• [Work instruction] Please repeat the lines below, exactly and only, from the one that holds "leading_form_is (local_eq k r t omega)" through the one that holds "split; first exact: local_eq_leading_form.".

══ Information given ══

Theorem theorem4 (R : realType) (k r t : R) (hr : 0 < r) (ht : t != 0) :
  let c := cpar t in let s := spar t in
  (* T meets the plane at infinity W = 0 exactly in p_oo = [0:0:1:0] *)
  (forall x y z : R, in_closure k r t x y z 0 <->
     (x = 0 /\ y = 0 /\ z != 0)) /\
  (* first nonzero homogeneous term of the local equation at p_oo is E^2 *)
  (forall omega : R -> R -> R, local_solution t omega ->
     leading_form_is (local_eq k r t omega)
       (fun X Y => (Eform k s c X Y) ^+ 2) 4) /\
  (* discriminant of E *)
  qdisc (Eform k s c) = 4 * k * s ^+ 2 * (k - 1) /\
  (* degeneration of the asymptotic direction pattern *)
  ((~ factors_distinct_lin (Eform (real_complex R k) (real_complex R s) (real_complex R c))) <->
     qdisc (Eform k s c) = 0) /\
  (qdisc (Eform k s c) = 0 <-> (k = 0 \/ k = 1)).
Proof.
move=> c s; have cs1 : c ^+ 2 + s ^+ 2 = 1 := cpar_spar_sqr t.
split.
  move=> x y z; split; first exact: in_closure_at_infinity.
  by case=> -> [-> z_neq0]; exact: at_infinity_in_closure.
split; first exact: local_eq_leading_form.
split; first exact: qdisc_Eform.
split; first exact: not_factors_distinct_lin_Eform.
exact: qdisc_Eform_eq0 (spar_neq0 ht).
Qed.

═══

• [Output for this exercise]
     leading_form_is (local_eq k r t omega)
       (fun X Y => (Eform k s c X Y) ^+ 2) 4) /\
  (* discriminant of E *)
  qdisc (Eform k s c) = 4 * k * s ^+ 2 * (k - 1) /\
  (* degeneration of the asymptotic direction pattern *)
  ((~ factors_distinct_lin (Eform (real_complex R k) (real_complex R s) (real_complex R c))) <->
     qdisc (Eform k s c) = 0) /\
  (qdisc (Eform k s c) = 0 <-> (k = 0 \/ k = 1)).
Proof.
move=> c s; have cs1 : c ^+ 2 + s ^+ 2 = 1 := cpar_spar_sqr t.
split.
  move=> x y z; split; first exact: in_closure_at_infinity.
  by case=> -> [-> z_neq0]; exact: at_infinity_in_closure.
split; first exact: local_eq_leading_form.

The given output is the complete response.